::: Stored data

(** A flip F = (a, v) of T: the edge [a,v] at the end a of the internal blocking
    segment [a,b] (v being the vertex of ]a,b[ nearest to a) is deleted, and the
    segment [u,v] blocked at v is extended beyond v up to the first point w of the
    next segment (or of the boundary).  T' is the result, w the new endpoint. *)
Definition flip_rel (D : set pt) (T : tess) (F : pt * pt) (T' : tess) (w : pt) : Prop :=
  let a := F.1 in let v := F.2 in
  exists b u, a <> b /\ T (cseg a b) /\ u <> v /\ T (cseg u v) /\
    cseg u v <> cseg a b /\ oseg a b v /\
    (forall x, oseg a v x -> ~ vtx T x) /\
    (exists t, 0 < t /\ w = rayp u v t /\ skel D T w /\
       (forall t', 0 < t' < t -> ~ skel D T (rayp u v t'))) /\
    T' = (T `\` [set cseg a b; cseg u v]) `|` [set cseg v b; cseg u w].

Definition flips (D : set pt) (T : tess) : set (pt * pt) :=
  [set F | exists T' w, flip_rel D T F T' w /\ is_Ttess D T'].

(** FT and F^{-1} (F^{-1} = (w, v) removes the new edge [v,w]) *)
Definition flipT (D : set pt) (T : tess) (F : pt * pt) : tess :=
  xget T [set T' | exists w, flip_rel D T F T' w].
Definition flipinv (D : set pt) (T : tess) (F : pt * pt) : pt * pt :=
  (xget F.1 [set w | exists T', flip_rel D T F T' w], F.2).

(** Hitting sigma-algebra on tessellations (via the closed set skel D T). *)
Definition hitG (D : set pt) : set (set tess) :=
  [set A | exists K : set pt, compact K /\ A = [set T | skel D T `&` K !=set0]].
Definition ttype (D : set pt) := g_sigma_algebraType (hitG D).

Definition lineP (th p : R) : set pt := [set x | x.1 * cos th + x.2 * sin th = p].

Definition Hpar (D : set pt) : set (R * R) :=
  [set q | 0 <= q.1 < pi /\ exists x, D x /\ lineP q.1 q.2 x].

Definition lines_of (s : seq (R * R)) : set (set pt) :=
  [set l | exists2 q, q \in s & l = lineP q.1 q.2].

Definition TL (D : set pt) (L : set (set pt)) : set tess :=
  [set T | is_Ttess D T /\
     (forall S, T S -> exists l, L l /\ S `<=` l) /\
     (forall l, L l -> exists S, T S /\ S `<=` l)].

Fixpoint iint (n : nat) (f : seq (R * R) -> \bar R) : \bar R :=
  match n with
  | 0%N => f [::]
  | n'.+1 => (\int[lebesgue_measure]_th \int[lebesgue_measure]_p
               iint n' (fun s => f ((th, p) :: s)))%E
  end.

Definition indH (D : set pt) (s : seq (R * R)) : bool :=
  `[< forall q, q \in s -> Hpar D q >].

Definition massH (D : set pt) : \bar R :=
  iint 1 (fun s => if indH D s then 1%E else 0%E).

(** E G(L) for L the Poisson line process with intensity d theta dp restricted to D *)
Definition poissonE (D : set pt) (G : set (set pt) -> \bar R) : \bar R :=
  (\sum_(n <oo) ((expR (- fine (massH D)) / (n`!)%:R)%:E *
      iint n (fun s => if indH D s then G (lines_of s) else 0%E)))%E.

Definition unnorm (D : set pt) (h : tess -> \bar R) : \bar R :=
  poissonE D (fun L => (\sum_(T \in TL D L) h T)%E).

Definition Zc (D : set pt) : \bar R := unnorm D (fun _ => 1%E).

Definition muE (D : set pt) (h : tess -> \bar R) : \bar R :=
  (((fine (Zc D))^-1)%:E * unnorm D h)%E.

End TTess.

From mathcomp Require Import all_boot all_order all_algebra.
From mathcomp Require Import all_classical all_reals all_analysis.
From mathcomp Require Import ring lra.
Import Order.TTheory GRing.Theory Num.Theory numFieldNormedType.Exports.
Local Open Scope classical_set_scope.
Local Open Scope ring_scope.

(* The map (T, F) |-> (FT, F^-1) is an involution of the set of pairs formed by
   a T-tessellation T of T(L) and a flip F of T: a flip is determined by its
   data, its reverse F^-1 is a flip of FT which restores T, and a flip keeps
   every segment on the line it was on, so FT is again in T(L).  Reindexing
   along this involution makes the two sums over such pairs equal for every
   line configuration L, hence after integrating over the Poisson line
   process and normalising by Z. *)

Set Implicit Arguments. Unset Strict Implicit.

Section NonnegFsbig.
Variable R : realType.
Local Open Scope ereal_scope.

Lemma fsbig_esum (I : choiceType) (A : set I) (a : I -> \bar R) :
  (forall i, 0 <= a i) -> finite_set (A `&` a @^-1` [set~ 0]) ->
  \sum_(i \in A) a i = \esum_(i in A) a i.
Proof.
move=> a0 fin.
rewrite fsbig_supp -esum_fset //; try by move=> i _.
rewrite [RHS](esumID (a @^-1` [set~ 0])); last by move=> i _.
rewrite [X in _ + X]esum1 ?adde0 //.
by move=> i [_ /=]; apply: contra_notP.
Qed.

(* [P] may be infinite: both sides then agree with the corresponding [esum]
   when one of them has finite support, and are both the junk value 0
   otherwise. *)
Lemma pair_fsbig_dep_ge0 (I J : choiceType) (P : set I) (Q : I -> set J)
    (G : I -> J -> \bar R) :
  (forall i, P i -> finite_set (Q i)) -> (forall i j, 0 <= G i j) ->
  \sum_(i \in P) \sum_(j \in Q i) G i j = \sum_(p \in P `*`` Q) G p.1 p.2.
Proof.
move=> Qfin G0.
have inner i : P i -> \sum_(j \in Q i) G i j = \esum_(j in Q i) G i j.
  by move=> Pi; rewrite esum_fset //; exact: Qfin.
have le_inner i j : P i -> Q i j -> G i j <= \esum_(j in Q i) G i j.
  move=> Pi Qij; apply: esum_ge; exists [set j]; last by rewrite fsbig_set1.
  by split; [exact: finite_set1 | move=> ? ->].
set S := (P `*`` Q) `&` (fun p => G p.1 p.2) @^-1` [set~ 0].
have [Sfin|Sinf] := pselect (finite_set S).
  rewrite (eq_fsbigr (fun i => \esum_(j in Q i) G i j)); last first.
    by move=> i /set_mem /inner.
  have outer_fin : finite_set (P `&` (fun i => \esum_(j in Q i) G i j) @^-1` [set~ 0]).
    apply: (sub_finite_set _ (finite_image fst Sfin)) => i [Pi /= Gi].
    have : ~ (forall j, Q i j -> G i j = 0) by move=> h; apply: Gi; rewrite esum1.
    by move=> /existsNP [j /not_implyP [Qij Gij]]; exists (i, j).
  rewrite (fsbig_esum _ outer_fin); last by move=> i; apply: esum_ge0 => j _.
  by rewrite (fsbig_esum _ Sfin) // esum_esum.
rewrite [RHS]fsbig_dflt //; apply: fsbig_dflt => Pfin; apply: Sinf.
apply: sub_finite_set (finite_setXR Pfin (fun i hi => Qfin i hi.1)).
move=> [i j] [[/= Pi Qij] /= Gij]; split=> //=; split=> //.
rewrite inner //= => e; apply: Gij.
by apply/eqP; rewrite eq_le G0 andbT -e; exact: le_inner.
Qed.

::::::

- _Assignment_
Each record above must be transcribed exactly, and none may be skipped.

- _Answer to this problem_
(** A flip F = (a, v) of T: the edge [a,v] at the end a of the internal blocking
    segment [a,b] (v being the vertex of ]a,b[ nearest to a) is deleted, and the
    segment [u,v] blocked at v is extended beyond v up to the first point w of the
    next segment (or of the boundary).  T' is the result, w the new endpoint. *)
Definition flip_rel (D : set pt) (T : tess) (F : pt * pt) (T' : tess) (w : pt) : Prop :=
  let a := F.1 in let v := F.2 in
  exists b u, a <> b /\ T (cseg a b) /\ u <> v /\ T (cseg u v) /\
    cseg u v <> cseg a b /\ oseg a b v /\
    (forall x, oseg a v x -> ~ vtx T x) /\
    (exists t, 0 < t /\ w = rayp u v t /\ skel D T w /\
       (forall t', 0 < t' < t -> ~ skel D T (rayp u v t'))) /\
    T' = (T `\` [set cseg a b; cseg u v]) `|` [set cseg v b; cseg u w].

Definition flips (D : set pt) (T : tess) : set (pt * pt) :=
  [set F | exists T' w, flip_rel D T F T' w /\ is_Ttess D T'].

(** FT and F^{-1} (F^{-1} = (w, v) removes the new edge [v,w]) *)
Definition flipT (D : set pt) (T : tess) (F : pt * pt) : tess :=
  xget T [set T' | exists w, flip_rel D T F T' w].
Definition flipinv (D : set pt) (T : tess) (F : pt * pt) : pt * pt :=
  (xget F.1 [set w | exists T', flip_rel D T F T' w], F.2).

(** Hitting sigma-algebra on tessellations (via the closed set skel D T). *)
Definition hitG (D : set pt) : set (set tess) :=
  [set A | exists K : set pt, compact K /\ A = [set T | skel D T `&` K !=set0]].
Definition ttype (D : set pt) := g_sigma_algebraType (hitG D).

Definition lineP (th p : R) : set pt := [set x | x.1 * cos th + x.2 * sin th = p].

Definition Hpar (D : set pt) : set (R * R) :=
  [set q | 0 <= q.1 < pi /\ exists x, D x /\ lineP q.1 q.2 x].

Definition lines_of (s : seq (R * R)) : set (set pt) :=
  [set l | exists2 q, q \in s & l = lineP q.1 q.2].

Definition TL (D : set pt) (L : set (set pt)) : set tess :=
  [set T | is_Ttess D T /\
     (forall S, T S -> exists l, L l /\ S `<=` l) /\
     (forall l, L l -> exists S, T S /\ S `<=` l)].

Fixpoint iint (n : nat) (f : seq (R * R) -> \bar R) : \bar R :=
  match n with
  | 0%N => f [::]
  | n'.+1 => (\int[lebesgue_measure]_th \int[lebesgue_measure]_p
               iint n' (fun s => f ((th, p) :: s)))%E
  end.

Definition indH (D : set pt) (s : seq (R * R)) : bool :=
  `[< forall q, q \in s -> Hpar D q >].

Definition massH (D : set pt) : \bar R :=
  iint 1 (fun s => if indH D s then 1%E else 0%E).

(** E G(L) for L the Poisson line process with intensity d theta dp restricted to D *)
Definition poissonE (D : set pt) (G : set (set pt) -> \bar R) : \bar R :=
  (\sum_(n <oo) ((expR (- fine (massH D)) / (n`!)%:R)%:E *
      iint n (fun s => if indH D s then G (lines_of s) else 0%E)))%E.

Definition unnorm (D : set pt) (h : tess -> \bar R) : \bar R :=
  poissonE D (fun L => (\sum_(T \in TL D L) h T)%E).

Definition Zc (D : set pt) : \bar R := unnorm D (fun _ => 1%E).

Definition muE (D : set pt) (h : tess -> \bar R) : \bar R :=
  (((fine (Zc D))^-1)%:E * unnorm D h)%E.

End TTess.

From mathcomp Require Import all_boot all_order all_algebra.
From mathcomp Require Import all_classical all_reals all_analysis.
From mathcomp Require Import ring lra.
Import Order.TTheory GRing.Theory Num.Theory numFieldNormedType.Exports.
Local Open Scope classical_set_scope.
Local Open Scope ring_scope.

(* The map (T, F) |-> (FT, F^-1) is an involution of the set of pairs formed by
   a T-tessellation T of T(L) and a flip F of T: a flip is determined by its
   data, its reverse F^-1 is a flip of FT which restores T, and a flip keeps
   every segment on the line it was on, so FT is again in T(L).  Reindexing
   along this involution makes the two sums over such pairs equal for every
   line configuration L, hence after integrating over the Poisson line
   process and normalising by Z. *)

Set Implicit Arguments. Unset Strict Implicit.

Section NonnegFsbig.
Variable R : realType.
Local Open Scope ereal_scope.

Lemma fsbig_esum (I : choiceType) (A : set I) (a : I -> \bar R) :
  (forall i, 0 <= a i) -> finite_set (A `&` a @^-1` [set~ 0]) ->
  \sum_(i \in A) a i = \esum_(i in A) a i.
Proof.
move=> a0 fin.
rewrite fsbig_supp -esum_fset //; try by move=> i _.
rewrite [RHS](esumID (a @^-1` [set~ 0])); last by move=> i _.
rewrite [X in _ + X]esum1 ?adde0 //.
by move=> i [_ /=]; apply: contra_notP.
Qed.

(* [P] may be infinite: both sides then agree with the corresponding [esum]
   when one of them has finite support, and are both the junk value 0
   otherwise. *)
Lemma pair_fsbig_dep_ge0 (I J : choiceType) (P : set I) (Q : I -> set J)
    (G : I -> J -> \bar R) :
  (forall i, P i -> finite_set (Q i)) -> (forall i j, 0 <= G i j) ->
  \sum_(i \in P) \sum_(j \in Q i) G i j = \sum_(p \in P `*`` Q) G p.1 p.2.
Proof.
move=> Qfin G0.
have inner i : P i -> \sum_(j \in Q i) G i j = \esum_(j in Q i) G i j.
  by move=> Pi; rewrite esum_fset //; exact: Qfin.
have le_inner i j : P i -> Q i j -> G i j <= \esum_(j in Q i) G i j.
  move=> Pi Qij; apply: esum_ge; exists [set j]; last by rewrite fsbig_set1.
  by split; [exact: finite_set1 | move=> ? ->].
set S := (P `*`` Q) `&` (fun p => G p.1 p.2) @^-1` [set~ 0].
have [Sfin|Sinf] := pselect (finite_set S).
  rewrite (eq_fsbigr (fun i => \esum_(j in Q i) G i j)); last first.
    by move=> i /set_mem /inner.
  have outer_fin : finite_set (P `&` (fun i => \esum_(j in Q i) G i j) @^-1` [set~ 0]).
    apply: (sub_finite_set _ (finite_image fst Sfin)) => i [Pi /= Gi].
    have : ~ (forall j, Q i j -> G i j = 0) by move=> h; apply: Gi; rewrite esum1.
    by move=> /existsNP [j /not_implyP [Qij Gij]]; exists (i, j).
  rewrite (fsbig_esum _ outer_fin); last by move=> i; apply: esum_ge0 => j _.
  by rewrite (fsbig_esum _ Sfin) // esum_esum.
rewrite [RHS]fsbig_dflt //; apply: fsbig_dflt => Pfin; apply: Sinf.
apply: sub_finite_set (finite_setXR Pfin (fun i hi => Qfin i hi.1)).
move=> [i j] [[/= Pi Qij] /= Gij]; split=> //=; split=> //.
rewrite inner //= => e; apply: Gij.
by apply/eqP; rewrite eq_le G0 andbT -e; exact: le_inner.
Qed.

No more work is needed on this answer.